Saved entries
*** Begin section ***

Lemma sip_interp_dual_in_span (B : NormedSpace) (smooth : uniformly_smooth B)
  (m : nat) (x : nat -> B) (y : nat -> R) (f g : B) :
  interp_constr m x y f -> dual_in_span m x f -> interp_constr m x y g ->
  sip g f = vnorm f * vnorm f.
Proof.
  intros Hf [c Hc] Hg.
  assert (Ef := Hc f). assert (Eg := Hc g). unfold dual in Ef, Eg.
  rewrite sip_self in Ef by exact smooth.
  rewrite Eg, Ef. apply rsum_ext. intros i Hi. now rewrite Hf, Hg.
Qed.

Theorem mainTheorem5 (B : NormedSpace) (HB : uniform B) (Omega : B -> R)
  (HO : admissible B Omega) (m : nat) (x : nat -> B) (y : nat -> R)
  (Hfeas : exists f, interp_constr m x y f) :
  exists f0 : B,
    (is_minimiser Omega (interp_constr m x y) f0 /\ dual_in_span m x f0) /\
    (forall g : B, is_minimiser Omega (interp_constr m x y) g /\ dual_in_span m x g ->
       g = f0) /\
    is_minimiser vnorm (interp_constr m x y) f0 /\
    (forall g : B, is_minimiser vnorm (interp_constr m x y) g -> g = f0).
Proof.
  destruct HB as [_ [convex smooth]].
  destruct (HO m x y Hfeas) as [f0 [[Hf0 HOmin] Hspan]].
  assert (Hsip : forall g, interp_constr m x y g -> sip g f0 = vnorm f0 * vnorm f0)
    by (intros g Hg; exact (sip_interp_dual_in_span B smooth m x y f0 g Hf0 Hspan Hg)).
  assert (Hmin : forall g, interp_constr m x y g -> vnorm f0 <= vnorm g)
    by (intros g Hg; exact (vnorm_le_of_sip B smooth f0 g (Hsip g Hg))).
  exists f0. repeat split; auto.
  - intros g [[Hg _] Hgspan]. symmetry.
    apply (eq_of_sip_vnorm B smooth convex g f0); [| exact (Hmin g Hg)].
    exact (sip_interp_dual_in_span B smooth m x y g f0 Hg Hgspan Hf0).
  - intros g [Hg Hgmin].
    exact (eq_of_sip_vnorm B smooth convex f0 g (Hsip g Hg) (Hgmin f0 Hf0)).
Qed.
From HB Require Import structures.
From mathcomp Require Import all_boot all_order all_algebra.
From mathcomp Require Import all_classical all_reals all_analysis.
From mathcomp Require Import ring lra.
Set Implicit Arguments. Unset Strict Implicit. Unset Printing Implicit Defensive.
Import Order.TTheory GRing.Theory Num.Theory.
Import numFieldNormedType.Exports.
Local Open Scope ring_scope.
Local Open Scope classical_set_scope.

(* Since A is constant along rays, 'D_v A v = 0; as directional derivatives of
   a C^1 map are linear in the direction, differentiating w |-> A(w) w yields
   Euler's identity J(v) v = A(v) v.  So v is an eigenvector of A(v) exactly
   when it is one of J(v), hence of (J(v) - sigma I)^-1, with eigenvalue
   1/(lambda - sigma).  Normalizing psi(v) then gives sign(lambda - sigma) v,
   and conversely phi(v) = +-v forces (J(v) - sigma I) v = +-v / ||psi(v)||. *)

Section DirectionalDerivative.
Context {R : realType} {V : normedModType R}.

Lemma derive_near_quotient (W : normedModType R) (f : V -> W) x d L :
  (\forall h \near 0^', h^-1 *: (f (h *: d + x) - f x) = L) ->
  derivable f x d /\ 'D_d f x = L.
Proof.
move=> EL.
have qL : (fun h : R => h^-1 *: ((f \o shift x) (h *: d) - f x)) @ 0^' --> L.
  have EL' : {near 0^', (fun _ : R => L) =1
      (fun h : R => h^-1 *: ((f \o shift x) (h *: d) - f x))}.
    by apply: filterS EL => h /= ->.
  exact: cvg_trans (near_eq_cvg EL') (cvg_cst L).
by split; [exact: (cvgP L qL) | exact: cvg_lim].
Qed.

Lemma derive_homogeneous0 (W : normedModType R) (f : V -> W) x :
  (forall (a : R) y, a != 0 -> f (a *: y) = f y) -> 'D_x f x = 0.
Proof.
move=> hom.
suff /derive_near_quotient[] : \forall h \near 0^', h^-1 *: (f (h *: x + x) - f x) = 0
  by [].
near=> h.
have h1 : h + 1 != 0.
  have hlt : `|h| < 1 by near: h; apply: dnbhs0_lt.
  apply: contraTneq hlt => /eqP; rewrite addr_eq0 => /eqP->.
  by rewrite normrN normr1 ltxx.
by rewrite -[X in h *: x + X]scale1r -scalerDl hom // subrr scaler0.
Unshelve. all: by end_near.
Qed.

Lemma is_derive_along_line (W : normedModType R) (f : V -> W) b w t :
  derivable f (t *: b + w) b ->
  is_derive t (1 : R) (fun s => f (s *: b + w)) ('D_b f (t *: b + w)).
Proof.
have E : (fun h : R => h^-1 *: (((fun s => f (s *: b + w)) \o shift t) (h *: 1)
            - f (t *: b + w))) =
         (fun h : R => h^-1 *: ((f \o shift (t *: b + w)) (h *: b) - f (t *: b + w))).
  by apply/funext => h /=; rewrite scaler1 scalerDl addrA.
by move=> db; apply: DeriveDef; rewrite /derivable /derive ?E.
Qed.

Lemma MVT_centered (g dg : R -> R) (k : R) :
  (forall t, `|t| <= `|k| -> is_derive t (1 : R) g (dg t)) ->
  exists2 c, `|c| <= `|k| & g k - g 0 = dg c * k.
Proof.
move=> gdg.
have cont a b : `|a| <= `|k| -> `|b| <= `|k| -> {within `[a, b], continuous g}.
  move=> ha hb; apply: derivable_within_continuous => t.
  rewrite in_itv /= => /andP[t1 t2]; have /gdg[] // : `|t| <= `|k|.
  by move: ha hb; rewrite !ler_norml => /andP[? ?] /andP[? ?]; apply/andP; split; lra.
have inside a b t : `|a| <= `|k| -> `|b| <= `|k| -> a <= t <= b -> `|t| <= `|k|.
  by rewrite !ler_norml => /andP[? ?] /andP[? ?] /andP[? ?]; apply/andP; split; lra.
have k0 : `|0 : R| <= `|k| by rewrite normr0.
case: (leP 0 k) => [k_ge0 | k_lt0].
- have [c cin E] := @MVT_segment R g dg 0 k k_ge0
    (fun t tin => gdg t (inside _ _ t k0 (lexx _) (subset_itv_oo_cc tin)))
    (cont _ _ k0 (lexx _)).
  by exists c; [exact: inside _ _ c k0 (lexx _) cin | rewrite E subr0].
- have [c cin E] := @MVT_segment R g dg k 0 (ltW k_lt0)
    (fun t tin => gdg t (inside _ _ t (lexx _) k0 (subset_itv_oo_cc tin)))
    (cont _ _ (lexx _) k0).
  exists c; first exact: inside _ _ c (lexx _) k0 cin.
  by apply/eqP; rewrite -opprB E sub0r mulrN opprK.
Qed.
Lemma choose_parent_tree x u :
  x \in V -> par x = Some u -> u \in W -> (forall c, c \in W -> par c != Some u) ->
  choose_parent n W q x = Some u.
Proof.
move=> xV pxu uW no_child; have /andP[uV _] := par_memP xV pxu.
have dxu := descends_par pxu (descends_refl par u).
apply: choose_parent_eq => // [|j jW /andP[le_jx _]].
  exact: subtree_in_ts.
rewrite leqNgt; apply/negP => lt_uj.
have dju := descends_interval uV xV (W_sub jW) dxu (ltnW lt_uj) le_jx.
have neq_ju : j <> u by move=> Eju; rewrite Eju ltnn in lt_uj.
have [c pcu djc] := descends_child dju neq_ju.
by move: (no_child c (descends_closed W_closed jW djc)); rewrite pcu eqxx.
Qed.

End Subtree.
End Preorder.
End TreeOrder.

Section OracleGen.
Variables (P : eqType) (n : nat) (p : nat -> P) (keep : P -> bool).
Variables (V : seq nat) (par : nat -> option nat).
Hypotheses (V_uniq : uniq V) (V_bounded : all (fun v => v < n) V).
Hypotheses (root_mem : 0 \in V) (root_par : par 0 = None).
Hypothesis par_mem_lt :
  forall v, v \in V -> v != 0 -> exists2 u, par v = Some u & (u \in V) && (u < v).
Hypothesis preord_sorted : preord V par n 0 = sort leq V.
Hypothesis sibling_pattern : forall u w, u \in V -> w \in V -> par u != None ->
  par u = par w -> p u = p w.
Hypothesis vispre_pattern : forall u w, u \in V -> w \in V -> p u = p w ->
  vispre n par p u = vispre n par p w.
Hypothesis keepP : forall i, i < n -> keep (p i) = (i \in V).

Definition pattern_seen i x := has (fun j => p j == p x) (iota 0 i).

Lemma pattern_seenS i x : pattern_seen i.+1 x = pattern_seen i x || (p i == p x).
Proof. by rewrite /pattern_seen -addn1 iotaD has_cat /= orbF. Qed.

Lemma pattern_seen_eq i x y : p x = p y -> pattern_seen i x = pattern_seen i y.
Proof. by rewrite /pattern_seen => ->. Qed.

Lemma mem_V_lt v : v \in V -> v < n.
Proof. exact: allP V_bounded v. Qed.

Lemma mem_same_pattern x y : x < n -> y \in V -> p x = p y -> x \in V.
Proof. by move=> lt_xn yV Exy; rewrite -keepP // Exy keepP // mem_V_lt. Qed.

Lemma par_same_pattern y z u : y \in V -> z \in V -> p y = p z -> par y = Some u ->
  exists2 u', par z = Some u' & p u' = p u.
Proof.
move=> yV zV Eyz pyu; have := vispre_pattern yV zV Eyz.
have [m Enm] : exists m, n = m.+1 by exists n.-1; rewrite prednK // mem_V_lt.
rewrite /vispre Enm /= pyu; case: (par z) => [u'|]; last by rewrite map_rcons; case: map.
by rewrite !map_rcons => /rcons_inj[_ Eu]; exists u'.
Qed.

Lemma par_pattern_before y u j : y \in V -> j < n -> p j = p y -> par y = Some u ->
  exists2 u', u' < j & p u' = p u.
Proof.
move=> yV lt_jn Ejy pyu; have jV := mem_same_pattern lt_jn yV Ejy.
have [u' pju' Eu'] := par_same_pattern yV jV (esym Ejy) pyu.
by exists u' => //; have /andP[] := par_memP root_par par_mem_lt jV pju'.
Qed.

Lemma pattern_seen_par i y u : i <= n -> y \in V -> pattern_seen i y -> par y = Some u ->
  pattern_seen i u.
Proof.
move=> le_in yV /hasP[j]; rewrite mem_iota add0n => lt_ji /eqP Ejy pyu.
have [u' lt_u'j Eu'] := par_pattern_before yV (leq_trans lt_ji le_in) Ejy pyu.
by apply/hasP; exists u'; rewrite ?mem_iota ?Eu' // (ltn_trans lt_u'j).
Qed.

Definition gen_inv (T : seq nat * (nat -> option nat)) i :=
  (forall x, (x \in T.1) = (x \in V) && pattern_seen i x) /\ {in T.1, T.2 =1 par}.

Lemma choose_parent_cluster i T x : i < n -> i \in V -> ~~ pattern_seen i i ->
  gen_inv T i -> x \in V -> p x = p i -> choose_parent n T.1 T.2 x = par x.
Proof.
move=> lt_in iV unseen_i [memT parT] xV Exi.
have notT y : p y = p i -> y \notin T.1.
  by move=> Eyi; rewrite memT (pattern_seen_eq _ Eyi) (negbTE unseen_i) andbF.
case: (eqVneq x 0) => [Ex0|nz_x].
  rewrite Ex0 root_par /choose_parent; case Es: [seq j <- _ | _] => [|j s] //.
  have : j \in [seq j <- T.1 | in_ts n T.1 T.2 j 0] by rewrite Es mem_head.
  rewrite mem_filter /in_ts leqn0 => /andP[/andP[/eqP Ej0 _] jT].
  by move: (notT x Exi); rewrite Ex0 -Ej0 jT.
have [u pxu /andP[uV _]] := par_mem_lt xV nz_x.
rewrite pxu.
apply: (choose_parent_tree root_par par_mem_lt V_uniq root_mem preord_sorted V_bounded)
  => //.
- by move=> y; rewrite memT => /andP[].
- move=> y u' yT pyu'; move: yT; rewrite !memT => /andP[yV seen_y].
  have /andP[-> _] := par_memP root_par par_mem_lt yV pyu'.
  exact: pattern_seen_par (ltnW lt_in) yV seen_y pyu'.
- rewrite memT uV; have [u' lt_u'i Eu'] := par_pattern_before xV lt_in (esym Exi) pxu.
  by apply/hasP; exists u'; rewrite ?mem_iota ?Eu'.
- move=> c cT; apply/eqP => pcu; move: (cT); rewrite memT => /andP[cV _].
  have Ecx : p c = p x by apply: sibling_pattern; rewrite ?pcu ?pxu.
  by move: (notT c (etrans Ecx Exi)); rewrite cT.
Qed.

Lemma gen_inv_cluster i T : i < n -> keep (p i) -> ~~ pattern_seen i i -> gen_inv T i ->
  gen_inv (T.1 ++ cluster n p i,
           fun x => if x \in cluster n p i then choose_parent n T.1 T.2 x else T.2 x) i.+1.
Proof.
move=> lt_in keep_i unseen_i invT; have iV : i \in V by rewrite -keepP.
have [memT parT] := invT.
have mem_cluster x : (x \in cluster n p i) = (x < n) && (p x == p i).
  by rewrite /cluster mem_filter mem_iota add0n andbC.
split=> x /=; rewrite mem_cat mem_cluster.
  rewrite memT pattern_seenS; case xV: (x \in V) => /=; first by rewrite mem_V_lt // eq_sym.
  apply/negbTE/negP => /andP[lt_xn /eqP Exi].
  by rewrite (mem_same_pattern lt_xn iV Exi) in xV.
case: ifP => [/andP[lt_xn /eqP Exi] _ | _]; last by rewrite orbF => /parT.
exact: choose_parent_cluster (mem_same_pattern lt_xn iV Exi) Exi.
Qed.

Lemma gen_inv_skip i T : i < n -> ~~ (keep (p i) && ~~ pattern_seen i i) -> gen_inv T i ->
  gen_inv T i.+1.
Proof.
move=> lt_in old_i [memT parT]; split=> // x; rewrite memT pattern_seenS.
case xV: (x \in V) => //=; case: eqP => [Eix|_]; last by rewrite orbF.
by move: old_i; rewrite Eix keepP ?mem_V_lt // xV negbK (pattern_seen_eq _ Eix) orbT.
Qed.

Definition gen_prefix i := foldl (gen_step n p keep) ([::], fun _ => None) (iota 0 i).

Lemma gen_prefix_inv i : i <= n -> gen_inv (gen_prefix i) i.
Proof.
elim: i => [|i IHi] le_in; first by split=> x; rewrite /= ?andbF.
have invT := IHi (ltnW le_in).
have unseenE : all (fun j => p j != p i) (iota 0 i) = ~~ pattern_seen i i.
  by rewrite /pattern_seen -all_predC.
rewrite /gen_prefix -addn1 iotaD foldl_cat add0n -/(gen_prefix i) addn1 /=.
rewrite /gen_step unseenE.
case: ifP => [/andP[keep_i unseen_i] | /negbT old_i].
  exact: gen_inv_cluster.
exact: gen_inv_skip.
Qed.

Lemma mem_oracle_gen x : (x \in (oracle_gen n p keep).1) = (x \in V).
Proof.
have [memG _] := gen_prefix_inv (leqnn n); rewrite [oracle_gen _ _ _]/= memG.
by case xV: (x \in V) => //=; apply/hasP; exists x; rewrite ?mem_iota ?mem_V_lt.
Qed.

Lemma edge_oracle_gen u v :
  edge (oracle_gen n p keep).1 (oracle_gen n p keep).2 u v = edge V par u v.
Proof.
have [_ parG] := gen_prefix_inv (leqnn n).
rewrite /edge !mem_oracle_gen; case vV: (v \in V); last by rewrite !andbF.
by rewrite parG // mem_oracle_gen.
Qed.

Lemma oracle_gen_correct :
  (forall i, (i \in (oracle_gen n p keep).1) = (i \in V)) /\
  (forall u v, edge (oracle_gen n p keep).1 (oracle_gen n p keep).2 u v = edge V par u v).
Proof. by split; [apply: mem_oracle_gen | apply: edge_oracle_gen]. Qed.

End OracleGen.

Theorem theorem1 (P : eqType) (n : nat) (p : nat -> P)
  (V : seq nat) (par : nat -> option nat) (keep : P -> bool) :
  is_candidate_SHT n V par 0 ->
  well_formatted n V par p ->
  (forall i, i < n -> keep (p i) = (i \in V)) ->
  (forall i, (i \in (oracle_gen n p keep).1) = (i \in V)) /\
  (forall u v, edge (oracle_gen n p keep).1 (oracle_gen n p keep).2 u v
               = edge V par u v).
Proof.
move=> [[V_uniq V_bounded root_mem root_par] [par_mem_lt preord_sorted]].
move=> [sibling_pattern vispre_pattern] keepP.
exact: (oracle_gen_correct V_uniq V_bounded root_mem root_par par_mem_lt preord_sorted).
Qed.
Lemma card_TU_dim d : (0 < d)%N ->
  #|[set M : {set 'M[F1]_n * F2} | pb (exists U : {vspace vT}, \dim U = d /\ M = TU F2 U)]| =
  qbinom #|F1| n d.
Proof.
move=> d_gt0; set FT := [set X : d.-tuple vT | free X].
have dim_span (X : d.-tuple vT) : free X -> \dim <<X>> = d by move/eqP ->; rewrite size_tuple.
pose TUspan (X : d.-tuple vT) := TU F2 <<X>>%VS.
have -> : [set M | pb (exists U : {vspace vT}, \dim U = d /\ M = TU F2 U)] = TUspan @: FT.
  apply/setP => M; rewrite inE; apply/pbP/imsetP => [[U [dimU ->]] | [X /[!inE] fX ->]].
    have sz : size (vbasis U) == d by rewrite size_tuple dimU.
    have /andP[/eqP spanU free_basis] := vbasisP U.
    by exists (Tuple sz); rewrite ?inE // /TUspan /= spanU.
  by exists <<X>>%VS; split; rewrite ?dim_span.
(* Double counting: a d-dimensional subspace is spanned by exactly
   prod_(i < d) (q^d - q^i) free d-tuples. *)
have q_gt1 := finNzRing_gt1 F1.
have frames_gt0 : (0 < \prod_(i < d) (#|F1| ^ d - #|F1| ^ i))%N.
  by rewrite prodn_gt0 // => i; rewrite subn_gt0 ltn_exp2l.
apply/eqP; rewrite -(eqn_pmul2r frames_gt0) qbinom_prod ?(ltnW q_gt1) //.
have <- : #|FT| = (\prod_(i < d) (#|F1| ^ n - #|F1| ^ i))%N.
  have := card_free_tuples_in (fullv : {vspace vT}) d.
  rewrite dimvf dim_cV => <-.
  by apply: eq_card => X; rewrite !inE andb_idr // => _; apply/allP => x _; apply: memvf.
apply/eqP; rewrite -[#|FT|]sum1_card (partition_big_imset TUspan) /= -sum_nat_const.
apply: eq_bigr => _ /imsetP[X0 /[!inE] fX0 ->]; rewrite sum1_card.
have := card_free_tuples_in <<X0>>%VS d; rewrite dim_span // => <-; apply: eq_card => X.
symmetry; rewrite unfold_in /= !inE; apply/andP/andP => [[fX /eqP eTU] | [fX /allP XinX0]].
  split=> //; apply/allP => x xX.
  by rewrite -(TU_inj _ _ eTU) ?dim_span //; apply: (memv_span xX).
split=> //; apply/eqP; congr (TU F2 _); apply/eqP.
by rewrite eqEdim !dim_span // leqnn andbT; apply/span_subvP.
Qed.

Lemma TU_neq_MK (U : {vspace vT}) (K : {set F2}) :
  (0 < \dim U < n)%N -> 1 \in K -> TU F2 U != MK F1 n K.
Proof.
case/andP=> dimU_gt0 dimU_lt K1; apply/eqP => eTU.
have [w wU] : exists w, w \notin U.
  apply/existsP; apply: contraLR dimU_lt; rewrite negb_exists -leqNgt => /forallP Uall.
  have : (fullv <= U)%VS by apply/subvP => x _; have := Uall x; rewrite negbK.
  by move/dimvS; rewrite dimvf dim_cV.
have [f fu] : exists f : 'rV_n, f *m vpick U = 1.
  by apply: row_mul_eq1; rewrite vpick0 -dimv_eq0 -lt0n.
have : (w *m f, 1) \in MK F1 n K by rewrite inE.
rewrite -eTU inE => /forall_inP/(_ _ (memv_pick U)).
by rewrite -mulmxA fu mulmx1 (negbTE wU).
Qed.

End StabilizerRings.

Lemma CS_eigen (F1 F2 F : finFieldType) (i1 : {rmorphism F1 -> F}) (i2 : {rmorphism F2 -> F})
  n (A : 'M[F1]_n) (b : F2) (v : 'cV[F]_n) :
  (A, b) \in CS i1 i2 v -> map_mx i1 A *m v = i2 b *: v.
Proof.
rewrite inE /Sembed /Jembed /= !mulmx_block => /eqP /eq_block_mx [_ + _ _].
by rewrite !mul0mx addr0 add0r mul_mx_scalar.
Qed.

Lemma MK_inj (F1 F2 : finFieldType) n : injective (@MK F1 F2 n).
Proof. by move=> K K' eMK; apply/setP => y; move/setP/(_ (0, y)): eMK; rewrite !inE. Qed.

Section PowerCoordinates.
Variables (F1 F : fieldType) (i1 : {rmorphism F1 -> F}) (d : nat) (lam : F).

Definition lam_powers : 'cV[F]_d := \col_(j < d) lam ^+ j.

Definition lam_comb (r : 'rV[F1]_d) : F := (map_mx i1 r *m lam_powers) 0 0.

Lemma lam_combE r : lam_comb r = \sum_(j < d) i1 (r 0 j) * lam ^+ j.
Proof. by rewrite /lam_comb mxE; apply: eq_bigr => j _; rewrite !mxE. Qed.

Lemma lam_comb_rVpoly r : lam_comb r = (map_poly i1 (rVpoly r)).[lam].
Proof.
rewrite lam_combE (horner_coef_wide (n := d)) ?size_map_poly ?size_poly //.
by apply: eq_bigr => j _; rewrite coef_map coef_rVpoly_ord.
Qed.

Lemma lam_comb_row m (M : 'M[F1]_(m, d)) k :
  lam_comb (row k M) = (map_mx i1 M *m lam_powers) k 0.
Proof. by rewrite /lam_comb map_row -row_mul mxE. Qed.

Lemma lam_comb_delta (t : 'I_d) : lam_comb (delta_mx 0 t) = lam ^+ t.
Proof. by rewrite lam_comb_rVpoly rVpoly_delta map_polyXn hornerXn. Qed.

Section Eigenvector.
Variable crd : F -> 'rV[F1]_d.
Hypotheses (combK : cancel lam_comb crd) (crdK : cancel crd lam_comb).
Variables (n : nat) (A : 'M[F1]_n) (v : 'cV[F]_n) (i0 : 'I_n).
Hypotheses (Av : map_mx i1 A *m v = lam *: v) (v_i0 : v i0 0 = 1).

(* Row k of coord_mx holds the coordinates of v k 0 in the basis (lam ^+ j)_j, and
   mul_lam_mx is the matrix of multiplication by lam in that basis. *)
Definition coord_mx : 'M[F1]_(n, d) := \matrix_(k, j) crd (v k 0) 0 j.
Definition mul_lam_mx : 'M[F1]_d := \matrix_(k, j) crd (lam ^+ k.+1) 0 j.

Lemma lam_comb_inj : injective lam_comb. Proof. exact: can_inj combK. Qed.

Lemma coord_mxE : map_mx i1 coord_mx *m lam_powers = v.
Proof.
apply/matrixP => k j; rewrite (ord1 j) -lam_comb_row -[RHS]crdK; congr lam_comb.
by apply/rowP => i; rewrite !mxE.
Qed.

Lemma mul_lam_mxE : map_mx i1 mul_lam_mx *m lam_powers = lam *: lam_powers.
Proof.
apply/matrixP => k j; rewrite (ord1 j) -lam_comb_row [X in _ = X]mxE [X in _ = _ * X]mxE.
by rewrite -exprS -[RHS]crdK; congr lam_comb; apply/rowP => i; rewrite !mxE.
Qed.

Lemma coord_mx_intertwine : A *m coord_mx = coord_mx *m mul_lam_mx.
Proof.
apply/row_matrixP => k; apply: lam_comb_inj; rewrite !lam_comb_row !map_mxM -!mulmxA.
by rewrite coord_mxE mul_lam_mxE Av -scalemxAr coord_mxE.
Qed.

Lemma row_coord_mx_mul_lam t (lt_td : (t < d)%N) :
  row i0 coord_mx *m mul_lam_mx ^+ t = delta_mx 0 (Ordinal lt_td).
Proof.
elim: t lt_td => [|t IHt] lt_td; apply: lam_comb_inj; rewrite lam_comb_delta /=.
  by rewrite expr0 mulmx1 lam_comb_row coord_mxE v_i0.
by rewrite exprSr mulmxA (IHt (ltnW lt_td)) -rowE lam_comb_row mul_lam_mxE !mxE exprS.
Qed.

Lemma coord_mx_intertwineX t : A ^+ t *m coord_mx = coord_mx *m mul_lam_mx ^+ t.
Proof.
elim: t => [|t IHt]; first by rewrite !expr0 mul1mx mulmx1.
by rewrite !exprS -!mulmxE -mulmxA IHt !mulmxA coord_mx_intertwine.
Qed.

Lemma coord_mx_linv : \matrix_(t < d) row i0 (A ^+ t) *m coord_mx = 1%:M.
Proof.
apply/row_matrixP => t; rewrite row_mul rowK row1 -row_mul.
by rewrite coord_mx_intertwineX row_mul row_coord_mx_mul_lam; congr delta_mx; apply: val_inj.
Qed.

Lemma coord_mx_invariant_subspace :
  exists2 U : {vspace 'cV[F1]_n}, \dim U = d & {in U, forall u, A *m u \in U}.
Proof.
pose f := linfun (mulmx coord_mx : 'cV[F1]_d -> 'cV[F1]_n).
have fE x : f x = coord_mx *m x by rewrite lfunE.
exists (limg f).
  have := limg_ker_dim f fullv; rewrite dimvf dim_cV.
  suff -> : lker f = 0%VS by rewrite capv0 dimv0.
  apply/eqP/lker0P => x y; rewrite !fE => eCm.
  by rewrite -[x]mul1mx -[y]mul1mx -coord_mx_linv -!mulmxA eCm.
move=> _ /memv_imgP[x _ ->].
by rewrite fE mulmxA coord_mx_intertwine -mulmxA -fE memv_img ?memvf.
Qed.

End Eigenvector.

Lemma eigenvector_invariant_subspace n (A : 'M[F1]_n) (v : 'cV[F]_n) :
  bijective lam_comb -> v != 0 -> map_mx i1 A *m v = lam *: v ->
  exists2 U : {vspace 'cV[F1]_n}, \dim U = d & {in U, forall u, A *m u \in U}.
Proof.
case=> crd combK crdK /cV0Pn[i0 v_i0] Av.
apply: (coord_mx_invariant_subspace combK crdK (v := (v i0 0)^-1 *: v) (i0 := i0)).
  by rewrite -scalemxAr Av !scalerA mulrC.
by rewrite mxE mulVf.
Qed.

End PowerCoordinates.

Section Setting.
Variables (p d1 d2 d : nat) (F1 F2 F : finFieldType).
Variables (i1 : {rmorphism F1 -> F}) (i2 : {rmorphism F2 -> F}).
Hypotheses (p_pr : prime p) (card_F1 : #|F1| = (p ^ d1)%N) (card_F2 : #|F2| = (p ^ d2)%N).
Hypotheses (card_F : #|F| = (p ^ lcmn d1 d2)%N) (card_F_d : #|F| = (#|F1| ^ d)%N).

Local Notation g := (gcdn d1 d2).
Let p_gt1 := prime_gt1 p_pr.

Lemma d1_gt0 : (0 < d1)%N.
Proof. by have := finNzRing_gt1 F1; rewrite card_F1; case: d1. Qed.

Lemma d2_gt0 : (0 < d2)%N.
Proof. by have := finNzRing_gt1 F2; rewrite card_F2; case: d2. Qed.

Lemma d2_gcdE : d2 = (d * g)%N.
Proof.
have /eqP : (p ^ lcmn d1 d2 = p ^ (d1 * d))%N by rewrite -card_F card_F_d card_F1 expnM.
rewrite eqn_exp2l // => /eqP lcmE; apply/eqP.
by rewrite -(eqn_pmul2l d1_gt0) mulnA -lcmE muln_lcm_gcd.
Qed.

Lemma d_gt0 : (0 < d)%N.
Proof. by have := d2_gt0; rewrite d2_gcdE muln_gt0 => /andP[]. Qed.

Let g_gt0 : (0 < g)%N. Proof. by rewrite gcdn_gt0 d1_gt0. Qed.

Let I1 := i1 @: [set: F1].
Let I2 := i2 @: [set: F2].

*** End section ***

Output exactly the leading lines of the data, up to and including the line marked by "rewrite sip_self in Ef by exact smooth.".

## SOLUTION TO THIS EXERCISE
Lemma sip_interp_dual_in_span (B : NormedSpace) (smooth : uniformly_smooth B)
  (m : nat) (x : nat -> B) (y : nat -> R) (f g : B) :
  interp_constr m x y f -> dual_in_span m x f -> interp_constr m x y g ->
  sip g f = vnorm f * vnorm f.
Proof.
  intros Hf [c Hc] Hg.
  assert (Ef := Hc f). assert (Eg := Hc g). unfold dual in Ef, Eg.
  rewrite sip_self in Ef by exact smooth.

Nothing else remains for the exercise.